=== Material to process ===
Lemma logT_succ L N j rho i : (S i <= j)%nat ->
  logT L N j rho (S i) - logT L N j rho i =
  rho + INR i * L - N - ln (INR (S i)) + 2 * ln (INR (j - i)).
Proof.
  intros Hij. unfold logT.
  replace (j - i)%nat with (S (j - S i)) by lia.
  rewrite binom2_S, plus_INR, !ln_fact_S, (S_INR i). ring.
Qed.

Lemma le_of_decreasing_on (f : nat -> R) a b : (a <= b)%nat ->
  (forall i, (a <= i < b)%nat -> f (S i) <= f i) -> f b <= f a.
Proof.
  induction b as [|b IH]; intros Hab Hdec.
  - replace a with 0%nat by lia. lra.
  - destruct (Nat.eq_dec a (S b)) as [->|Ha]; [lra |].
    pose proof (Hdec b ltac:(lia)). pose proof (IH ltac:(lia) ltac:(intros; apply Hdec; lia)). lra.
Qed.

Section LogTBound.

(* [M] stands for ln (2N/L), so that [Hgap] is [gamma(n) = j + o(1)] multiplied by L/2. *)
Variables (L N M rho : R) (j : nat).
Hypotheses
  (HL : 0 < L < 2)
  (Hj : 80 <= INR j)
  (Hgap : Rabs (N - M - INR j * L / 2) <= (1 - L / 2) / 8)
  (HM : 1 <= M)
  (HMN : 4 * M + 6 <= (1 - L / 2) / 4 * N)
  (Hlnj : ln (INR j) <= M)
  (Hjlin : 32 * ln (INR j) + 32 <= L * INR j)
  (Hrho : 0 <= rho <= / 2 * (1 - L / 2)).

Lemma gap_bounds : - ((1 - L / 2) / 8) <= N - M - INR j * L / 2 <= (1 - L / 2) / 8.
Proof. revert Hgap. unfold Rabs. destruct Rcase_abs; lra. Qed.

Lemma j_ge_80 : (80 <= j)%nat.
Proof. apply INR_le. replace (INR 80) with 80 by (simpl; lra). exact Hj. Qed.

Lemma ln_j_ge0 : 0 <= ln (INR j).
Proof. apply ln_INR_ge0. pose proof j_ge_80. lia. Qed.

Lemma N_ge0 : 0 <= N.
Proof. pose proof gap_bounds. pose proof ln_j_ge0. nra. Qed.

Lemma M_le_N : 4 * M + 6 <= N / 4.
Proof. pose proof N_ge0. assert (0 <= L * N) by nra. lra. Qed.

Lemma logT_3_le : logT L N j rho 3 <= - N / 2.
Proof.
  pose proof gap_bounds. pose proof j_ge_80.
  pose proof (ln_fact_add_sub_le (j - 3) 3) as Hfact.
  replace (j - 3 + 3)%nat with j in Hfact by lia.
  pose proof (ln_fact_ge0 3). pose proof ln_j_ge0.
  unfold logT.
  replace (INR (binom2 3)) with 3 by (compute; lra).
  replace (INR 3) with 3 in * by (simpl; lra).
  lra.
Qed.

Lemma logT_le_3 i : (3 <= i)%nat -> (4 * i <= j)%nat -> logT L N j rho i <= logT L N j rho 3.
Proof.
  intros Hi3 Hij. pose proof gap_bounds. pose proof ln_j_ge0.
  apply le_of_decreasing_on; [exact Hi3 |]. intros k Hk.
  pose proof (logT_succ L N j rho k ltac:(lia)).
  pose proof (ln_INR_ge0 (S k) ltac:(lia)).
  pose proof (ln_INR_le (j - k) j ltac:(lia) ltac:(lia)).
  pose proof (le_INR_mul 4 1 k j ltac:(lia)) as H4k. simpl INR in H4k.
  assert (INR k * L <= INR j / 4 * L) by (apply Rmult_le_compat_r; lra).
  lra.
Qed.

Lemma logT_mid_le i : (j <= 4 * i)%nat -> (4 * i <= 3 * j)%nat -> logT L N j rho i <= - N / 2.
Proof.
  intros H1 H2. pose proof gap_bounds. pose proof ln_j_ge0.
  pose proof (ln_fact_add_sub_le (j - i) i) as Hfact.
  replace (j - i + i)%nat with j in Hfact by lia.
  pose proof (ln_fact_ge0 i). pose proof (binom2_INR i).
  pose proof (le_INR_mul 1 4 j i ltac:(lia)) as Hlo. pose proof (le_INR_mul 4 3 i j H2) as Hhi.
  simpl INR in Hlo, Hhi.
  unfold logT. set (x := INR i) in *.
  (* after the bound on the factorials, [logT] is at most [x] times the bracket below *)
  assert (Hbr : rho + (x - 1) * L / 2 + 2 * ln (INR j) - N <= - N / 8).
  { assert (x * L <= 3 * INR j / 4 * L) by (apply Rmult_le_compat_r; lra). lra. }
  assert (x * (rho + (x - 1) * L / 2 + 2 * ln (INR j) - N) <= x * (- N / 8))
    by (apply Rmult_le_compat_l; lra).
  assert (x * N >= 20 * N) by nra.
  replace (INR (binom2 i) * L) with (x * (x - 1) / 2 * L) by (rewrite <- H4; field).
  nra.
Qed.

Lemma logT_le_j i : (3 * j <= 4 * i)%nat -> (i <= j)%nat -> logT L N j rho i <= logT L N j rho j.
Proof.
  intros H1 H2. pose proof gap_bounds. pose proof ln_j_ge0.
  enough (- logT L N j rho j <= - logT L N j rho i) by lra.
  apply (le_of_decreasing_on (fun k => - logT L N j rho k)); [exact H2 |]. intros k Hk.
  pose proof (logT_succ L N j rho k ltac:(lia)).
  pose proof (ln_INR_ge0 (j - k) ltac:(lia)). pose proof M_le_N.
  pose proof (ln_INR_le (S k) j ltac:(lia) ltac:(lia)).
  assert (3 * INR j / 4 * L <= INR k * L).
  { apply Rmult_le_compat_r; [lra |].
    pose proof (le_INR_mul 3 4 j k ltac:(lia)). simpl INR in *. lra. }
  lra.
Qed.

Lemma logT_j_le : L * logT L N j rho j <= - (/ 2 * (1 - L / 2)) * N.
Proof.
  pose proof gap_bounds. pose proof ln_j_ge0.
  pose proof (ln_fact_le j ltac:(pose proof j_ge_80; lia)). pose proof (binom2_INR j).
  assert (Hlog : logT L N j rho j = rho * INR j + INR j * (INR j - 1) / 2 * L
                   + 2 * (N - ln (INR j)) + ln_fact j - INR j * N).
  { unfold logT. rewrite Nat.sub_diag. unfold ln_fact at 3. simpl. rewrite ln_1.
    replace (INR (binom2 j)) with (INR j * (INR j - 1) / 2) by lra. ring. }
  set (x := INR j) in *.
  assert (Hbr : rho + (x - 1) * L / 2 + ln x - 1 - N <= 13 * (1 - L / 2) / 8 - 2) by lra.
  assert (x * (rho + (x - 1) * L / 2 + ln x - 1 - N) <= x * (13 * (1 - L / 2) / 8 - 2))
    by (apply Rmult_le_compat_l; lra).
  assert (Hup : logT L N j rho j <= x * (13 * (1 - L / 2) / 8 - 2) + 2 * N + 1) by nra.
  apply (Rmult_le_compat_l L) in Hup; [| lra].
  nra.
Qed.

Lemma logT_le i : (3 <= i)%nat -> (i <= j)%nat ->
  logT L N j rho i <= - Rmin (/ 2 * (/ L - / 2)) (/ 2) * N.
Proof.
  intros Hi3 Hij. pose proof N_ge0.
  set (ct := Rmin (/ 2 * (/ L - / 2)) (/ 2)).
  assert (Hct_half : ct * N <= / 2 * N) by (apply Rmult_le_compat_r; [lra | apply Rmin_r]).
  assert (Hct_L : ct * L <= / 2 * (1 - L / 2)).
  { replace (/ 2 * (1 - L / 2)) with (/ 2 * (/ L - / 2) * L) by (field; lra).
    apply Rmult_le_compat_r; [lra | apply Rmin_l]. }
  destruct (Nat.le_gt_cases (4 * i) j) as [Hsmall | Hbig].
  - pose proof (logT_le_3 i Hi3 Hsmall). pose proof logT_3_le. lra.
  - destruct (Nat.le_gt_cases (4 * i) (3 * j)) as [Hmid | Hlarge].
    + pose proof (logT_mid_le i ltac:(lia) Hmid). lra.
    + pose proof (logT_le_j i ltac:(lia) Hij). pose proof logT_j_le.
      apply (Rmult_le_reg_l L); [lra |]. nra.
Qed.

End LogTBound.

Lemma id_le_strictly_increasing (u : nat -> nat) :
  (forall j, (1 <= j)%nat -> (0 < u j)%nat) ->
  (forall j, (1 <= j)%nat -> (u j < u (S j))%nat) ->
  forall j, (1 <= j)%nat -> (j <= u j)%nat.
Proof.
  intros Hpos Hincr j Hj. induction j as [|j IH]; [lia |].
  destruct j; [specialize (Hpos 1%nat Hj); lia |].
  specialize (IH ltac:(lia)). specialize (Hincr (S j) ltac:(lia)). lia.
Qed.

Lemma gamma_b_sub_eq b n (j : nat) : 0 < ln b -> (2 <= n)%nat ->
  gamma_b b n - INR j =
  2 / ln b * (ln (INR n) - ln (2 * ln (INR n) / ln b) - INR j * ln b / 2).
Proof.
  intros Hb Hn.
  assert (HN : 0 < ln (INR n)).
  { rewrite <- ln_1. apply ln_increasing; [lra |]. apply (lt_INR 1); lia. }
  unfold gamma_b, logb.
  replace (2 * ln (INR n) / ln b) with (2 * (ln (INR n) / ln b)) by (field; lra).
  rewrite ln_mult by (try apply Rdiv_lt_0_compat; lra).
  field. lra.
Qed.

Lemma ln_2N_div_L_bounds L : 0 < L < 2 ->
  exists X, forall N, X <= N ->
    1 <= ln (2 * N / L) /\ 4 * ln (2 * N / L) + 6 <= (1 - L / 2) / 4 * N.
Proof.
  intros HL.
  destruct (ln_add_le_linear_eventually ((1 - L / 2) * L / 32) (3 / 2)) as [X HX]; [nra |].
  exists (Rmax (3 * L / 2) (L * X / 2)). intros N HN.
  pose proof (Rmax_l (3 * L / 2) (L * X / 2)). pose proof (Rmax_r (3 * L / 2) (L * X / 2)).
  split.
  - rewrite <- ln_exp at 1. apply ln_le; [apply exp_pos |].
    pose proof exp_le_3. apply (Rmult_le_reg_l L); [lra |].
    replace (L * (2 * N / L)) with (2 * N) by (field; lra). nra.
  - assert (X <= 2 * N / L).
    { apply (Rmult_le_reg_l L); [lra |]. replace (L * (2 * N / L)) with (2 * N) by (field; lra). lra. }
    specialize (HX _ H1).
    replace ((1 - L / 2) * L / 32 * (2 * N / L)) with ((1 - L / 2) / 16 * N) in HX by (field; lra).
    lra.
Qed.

* * *

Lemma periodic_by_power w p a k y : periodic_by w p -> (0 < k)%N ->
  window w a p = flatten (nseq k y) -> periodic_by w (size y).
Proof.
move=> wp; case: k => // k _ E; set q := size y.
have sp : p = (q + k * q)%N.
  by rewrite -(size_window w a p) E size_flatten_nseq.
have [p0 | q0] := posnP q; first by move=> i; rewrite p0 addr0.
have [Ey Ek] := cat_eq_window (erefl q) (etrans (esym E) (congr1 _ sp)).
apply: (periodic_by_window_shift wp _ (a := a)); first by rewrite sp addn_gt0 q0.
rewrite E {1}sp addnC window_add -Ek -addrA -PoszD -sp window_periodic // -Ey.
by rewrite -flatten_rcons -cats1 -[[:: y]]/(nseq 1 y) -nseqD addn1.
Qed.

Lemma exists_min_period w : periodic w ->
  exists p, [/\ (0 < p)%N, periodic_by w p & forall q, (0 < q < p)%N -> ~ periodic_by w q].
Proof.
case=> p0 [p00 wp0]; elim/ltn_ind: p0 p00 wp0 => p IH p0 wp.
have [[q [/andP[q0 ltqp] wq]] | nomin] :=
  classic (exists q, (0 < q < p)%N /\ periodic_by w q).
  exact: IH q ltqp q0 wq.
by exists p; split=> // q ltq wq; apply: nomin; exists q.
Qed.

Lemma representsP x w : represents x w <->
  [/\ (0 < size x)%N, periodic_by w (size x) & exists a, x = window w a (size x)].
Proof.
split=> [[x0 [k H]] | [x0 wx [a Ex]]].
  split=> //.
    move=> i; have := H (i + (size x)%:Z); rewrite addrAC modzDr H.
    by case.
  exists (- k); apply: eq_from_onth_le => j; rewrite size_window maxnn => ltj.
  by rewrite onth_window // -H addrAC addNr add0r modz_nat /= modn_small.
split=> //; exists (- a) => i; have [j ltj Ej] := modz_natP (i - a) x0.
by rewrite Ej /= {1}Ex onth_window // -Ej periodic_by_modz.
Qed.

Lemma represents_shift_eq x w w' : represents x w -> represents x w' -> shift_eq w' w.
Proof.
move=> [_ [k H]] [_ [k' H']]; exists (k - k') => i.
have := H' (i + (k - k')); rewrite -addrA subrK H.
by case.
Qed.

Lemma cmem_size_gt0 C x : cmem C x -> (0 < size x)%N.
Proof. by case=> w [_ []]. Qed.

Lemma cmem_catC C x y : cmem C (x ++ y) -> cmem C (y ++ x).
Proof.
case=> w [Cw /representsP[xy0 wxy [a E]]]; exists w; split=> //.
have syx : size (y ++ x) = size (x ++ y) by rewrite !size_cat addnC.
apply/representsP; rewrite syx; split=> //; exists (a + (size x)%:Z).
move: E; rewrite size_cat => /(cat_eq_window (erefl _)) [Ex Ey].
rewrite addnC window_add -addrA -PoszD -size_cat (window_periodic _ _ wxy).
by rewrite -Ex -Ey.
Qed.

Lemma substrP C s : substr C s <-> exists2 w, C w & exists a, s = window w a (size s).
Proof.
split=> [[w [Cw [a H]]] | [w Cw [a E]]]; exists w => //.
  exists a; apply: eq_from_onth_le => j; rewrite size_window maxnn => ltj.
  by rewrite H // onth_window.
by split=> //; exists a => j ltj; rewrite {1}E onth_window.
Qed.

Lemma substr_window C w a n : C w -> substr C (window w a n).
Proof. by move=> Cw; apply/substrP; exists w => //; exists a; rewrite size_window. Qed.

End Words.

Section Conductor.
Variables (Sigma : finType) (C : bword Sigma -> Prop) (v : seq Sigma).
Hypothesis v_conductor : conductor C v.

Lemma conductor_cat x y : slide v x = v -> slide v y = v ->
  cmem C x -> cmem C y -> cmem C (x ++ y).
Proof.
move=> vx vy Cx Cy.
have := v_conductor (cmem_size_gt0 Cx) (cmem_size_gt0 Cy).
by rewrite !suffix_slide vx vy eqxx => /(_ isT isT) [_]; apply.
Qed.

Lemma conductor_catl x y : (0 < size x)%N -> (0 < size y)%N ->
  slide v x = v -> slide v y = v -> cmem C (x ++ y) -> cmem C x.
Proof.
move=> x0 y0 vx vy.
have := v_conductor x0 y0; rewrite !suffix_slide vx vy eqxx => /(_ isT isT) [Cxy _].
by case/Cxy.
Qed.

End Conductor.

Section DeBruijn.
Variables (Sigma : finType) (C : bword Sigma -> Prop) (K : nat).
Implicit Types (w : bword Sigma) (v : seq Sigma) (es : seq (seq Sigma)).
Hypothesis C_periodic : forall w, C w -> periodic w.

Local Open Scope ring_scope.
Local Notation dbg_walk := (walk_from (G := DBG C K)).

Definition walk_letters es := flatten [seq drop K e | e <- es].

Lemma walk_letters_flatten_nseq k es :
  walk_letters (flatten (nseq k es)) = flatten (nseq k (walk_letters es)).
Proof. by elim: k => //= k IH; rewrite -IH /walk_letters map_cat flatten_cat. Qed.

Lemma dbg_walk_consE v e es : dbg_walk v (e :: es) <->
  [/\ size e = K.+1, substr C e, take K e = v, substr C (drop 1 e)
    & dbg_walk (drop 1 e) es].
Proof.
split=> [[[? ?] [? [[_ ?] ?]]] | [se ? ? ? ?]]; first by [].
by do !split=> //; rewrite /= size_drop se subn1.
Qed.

---

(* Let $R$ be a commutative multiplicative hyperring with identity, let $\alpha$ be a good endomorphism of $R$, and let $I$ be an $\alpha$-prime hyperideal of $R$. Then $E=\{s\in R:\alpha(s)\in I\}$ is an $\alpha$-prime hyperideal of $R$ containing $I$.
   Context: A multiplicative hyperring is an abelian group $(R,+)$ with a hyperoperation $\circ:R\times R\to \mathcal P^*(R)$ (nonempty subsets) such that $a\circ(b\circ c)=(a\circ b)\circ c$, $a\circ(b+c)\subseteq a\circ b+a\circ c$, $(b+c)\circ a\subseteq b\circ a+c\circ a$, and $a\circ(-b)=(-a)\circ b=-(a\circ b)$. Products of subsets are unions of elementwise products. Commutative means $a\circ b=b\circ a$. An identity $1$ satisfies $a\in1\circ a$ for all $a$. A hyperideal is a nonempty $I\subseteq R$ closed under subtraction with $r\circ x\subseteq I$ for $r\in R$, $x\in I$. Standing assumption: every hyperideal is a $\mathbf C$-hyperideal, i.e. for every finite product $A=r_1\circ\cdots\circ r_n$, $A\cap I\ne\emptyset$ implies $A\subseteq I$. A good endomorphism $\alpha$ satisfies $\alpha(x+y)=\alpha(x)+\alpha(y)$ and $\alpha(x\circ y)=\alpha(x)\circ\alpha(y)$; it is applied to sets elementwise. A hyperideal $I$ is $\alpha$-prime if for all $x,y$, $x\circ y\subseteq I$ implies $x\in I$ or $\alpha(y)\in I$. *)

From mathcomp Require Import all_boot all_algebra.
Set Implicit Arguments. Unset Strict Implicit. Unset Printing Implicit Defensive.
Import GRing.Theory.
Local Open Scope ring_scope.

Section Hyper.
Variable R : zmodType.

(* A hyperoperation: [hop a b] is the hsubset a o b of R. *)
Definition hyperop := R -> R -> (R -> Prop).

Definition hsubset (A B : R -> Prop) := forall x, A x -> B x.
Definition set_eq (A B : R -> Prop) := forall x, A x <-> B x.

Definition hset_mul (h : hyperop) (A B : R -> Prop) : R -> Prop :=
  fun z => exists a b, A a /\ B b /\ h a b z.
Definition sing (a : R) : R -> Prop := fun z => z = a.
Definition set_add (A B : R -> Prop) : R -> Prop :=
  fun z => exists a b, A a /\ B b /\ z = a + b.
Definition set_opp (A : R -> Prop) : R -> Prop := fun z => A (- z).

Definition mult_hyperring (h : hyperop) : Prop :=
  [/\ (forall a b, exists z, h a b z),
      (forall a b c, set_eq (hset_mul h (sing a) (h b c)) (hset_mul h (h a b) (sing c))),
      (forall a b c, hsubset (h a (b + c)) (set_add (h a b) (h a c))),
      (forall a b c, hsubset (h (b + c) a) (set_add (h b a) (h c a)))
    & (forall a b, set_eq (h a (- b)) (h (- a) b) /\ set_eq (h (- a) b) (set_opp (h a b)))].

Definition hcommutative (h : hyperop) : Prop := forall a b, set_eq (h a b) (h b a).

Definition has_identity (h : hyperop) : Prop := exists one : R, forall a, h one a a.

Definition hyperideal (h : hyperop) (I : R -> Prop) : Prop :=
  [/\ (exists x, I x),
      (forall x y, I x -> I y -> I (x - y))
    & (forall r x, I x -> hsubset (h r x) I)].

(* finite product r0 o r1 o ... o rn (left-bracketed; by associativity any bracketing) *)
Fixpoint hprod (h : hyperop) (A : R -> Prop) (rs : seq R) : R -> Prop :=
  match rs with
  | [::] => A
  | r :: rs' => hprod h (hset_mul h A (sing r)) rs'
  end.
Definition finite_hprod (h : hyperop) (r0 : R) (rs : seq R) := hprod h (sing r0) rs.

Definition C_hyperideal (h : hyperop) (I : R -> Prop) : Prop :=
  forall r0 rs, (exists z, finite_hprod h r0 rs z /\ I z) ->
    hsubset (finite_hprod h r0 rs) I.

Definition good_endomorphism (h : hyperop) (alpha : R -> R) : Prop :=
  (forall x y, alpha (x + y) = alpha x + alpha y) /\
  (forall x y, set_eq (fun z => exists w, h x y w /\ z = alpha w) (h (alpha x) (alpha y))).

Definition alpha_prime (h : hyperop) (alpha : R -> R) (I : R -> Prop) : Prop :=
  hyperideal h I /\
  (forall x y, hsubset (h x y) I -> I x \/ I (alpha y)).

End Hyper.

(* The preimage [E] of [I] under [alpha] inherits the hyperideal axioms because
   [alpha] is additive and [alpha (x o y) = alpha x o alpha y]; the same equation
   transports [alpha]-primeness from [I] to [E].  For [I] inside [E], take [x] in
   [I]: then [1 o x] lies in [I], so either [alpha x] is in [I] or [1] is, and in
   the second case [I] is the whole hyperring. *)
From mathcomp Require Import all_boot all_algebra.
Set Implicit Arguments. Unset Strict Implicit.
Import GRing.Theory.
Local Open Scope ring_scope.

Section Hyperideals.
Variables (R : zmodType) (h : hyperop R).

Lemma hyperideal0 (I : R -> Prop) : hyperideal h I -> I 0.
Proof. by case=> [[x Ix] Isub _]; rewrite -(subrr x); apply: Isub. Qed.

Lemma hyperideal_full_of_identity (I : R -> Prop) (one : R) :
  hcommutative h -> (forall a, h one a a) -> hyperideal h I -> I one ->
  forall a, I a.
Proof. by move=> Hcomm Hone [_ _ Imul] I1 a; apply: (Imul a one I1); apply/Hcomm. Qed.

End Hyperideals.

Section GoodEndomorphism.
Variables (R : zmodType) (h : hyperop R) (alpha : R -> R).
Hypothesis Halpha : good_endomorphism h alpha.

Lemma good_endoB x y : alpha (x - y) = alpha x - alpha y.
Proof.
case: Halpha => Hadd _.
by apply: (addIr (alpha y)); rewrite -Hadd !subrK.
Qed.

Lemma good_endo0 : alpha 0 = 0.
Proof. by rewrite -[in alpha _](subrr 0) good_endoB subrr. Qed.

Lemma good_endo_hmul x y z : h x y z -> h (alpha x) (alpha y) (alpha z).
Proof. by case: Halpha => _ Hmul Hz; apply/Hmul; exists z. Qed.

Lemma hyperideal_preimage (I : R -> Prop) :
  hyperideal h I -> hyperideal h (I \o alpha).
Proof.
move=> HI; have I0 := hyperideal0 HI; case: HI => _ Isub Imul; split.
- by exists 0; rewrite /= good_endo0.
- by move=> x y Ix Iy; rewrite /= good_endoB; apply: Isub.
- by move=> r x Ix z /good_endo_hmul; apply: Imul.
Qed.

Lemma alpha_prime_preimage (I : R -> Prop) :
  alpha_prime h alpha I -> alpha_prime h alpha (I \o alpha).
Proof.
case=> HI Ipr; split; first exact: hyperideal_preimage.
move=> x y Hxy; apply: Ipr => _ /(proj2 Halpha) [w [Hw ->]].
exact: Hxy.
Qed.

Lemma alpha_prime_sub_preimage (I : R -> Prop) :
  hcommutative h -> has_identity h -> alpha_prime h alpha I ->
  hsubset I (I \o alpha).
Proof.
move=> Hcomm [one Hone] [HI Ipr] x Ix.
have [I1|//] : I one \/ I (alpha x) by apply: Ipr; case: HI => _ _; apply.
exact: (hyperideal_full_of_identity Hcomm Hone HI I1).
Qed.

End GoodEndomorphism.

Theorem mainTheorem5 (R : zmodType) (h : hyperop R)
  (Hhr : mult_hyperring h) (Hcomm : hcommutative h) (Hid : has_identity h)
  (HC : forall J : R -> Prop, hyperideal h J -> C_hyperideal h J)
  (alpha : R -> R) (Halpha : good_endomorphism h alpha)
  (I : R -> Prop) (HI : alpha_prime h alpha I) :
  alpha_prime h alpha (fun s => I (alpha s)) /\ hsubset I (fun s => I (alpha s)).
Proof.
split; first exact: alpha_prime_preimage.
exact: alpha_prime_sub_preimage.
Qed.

=== What the task asks ===
Taking the listing as a whole, count how many of its lines contain the word "Halpha", and reply with that count alone.

=== Reply ===
5